Re: RFC: seccomp-bpf support - Mailing list pgsql-hackers

From Tom Lane
Subject Re: RFC: seccomp-bpf support
Date
Msg-id 28344.1567019959@sss.pgh.pa.us
Whole thread Raw
In response to Re: RFC: seccomp-bpf support  (Andres Freund <andres@anarazel.de>)
List pgsql-hackers
Andres Freund <andres@anarazel.de> writes:
> On 2019-08-28 14:47:04 -0400, Joshua Brindle wrote:
>> A prime example is madvise() which was a catastrophic failure that 1)
>> isn't preventable by any LSM including SELinux, 2) isn't used by PG
>> and is therefore a good candidate for a kill list, and 3) a clear win
>> in the dont-let-PG-be-a-vector-for-kernel-compromise arena.

> IIRC it's used by glibc as part of its malloc implementation (also
> threading etc) - but not necessarily hit during the most common
> paths.

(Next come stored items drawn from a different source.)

Lemma hyp1F2_3half_2_pos a y : 1/2 <= a < 1 -> 0 < y ->
  ex_series (hyp1F2_term a (3/2) 2 (- y ^ 2)) /\ hyp1F2 a (3/2) 2 (- y ^ 2) > 0.
Proof.
  intros Ha Hy; assert (Hq : 0 < y ^ 2) by (apply pow_lt; lra).
  assert (Hterm := hyp1F2_term_3half_2 a (- y ^ 2)).
  assert (Hex := ex_series_hyp1F2_3half_2 a (- y ^ 2) ltac:(lra)).
  unfold hyp1F2; rewrite (Series_ext _ _ Hterm).
  split; [exact (ex_series_ext _ _ (fun k => eq_sym (Hterm k)) Hex)|].
  set (d := Rmin (1/4) (/ y ^ 2)).
  assert (Hd : 0 < d <= 1/4)
    by (split; [apply Rmin_glb_lt; [lra | apply Rinv_0_lt_compat, Hq] | apply Rmin_l]).
  assert (Hqd : y ^ 2 * d <= 1)
    by (rewrite <- (Rinv_r (y ^ 2)) by lra; apply Rmult_le_compat_l; [lra | apply Rmin_r]).
  assert (Hc : 0 < d / 16 / exp (y ^ 2)) by (apply Rdiv_lt_0_compat; [lra | apply exp_pos]).
  destruct (exists_Rpower_le (1 - a) _ ltac:(lra) Hc) as [e0 [He0 Hsmall]].
  set (e := Rmin (d / 2) e0).
  assert (He : 0 < e <= d / 2) by (split; [apply Rmin_glb_lt; lra | apply Rmin_l]).
  assert (Heps : Rpower e (1 - a) * exp (y ^ 2) <= d / 16).
  { assert (Rpower e (1 - a) <= Rpower e0 (1 - a))
      by (apply Rle_Rpower_l; [lra | split; [lra | apply Rmin_r]]).
    assert (HK := exp_pos (y ^ 2)).
    apply (Rmult_le_compat_r (exp (y ^ 2))) in Hsmall; [|lra].
    replace (d / 16 / exp (y ^ 2) * exp (y ^ 2)) with (d / 16) in Hsmall by (field; lra).
    nra. }
  assert (HJ : d / 8 <= trunc_sinc2_integral a e y)
    by (apply trunc_sinc2_integral_ge; lra).
  assert (Happrox := trunc_sinc2_integral_approx a e ltac:(lra) ltac:(lra) y Hy _
                       (Series_correct _ Hex)).
  assert (H0 : 0 <= trunc_moment a e 0) by (apply trunc_moment_0_ge_0; lra).
  apply Rabs_le_between in Happrox.
  assert (hp := Rpower_pos e (1 - a)); nra.
Qed.

Theorem corollary1 :
  forall rho : R, 3 / 2 < rho < 2 ->
  exists a : R, 1 / 2 < a < 1 /\
    forall x : R, 0 < x ->
      ex_series (hyp1F2_term a (rho * a) (rho * a + 1 / 2) (- x ^ 2 / 4)) /\
      hyp1F2 a (rho * a) (rho * a + 1 / 2) (- x ^ 2 / 4) > 0.
Proof.
  intros rho Hrho; exists (3 / (2 * rho)).
  assert (Ha : 3 / (2 * rho) * (2 * rho) = 3) by (field; lra).
  split; [split; nra|].
  intros x Hx.
  replace (rho * (3 / (2 * rho))) with (3 / 2) by (field; lra).
  replace (3 / 2 + 1 / 2) with 2 by field.
  replace (- x ^ 2 / 4) with (- (x / 2) ^ 2) by field.
  apply hyp1F2_3half_2_pos; nra.
Qed.
Lemma vcoef_phi_term n j k : (k <= j)%nat -> (j <= S n)%nat ->
  vcoef n j * phi_term n j k = ucoef k * vcoef n (j - k).
Proof.
  intros Hkj Hjn; induction k as [|k IH].
  - unfold phi_term, phi43_term; cbn [qpoch pow]; rewrite ucoef_0, Nat.sub_0_r; field.
  - destruct (Nat.le_exists_sub (S k) j Hkj) as [m [Hj _]].
    assert (j = S (k + m)) as -> by lia.
    specialize (IH ltac:(lia)).
    replace (S (k + m) - k)%nat with (S m) in IH by lia.
    replace (S (k + m) - S k)%nat with m by lia.
    pose proof (pos_INR k); pose proof (pos_INR m).
    assert (Hkm : INR k + INR m <= INR n) by (rewrite <- plus_INR; apply le_INR; lia).
    unfold phi_term; rewrite phi43_term_S by neq0 Hp.
    unfold vcoef in IH; rewrite (vterm_S _ _ _ m) in IH by neq0 Hp.
    rewrite ucoef_S, <- (vcoef_phi_ratio n k m) by lia.
    fold (phi_term n (S (k + m)) k); unfold vcoef.
    rewrite <- Rmult_assoc, IH; ring.
Qed.

Definition conv n j := sum_f_R0 (fun k => ucoef k * vcoef n (j - k)) j.

Lemma vcoef_phi43 n j : (j <= S n)%nat ->
  vcoef n j * phi43 (rpow p (- INR j)) (rpow p (2 * INR n + al + be + 3 - INR j))
    (rpow p (be + 1)) (- rpow p (al + 1)) (rpow p (al + be + 2))
    (rpow p (INR n + be + 2 - INR j)) (- rpow p (al + INR n + 2 - INR j)) p p
  = conv n j.
Proof.
  intros Hj; rewrite phi43_terminating, sum_f_R0_scal.
  apply sum_eq; intros k Hk; apply vcoef_phi_term; auto.
Qed.

(* At [j = n + 1] the lower parameters cancel two upper ones and the 4phi3 is a
   terminating balanced 2phi1 at [z = p], which vanishes. *)
Lemma phi_term_sum_top n : sum_f_R0 (phi_term n (S n)) (S n) = 0.
Proof.
  set (x := rpow p (- INR (S n))); set (y := rpow p (INR n + al + be + 2)).
  pose proof (pos_INR n).
  assert (Hxy : rpow p (al + be + 2) = x * y * p) by (unfold x, y; solve_rpow Hp0).
  assert (Hxyp : forall i, 1 - x * y * p * p ^ i <> 0)
    by (intros i; rewrite <- Hxy; pose proof (pos_INR i); neq0 Hp).
  assert (Hpp : forall i, 1 - p * p ^ i <> 0) by (intros i; pose proof (pos_INR i); neq0 Hp).
  rewrite (sum_eq _
    (fun k => qpoch p x k * qpoch p y k / (qpoch p p k * qpoch p (x * y * p) k) * p ^ k)).
  - rewrite qchu_partial_sum, (qpoch_eq0 p (x * p) (S n) n) by
      (auto || unfold x; rewrite Rmult_assoc, tech_pow_Rmult, <- rpow_nat, <- rpow_plus,
         Rplus_opp_l, rpow_0 by lra; ring).
    unfold Rdiv; ring.
  - intros k Hk; unfold phi_term, phi43_term; fold x; rewrite Hxy.
    replace (2 * INR n + al + be + 3 - INR (S n)) with (INR n + al + be + 2)
      by (rewrite S_INR; ring).
    replace (INR n + be + 2 - INR (S n)) with (be + 1) by (rewrite S_INR; ring).
    replace (al + INR n + 2 - INR (S n)) with (al + 1) by (rewrite S_INR; ring).
    fold y.
    assert (qpoch p p k <> 0) by neq0 Hp.
    assert (qpoch p (x * y * p) k <> 0) by (apply qpoch_neq0; auto).
    assert (qpoch p (rpow p (be + 1)) k <> 0) by neq0 Hp.
    assert (qpoch p (- rpow p (al + 1)) k <> 0) by neq0 Hp.
    field; auto.
Qed.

That's *precisely* my problem with this approach.

I think Andres is right here.  There are madvise calls in glibc:

glibc-2.28/malloc/malloc.c:                    __madvise (paligned_mem, size & ~psm1, MADV_DONTNEED);
glibc-2.28/malloc/arena.c:    __madvise ((char *) h + new_size, diff, MADV_DONTNEED);

It appears that the first is only reachable from __malloc_trim which
we don't use, but the second is reachable from free().  However,
strace'ing says that it's never called during our standard regression
tests, confirming Andres' thought that it's in seldom-reached paths.
(I did not go through the free() logic in any detail, but it looks
like it is only reached when dealing with quite-large allocations,
which'd make sense.)

So this makes a perfect example for Peter's point that testing is
going to be a very fallible way of finding the set of syscalls that
need to be allowed.  Even if we had 100.00% code coverage of PG
proper, we would not necessarily find calls like this.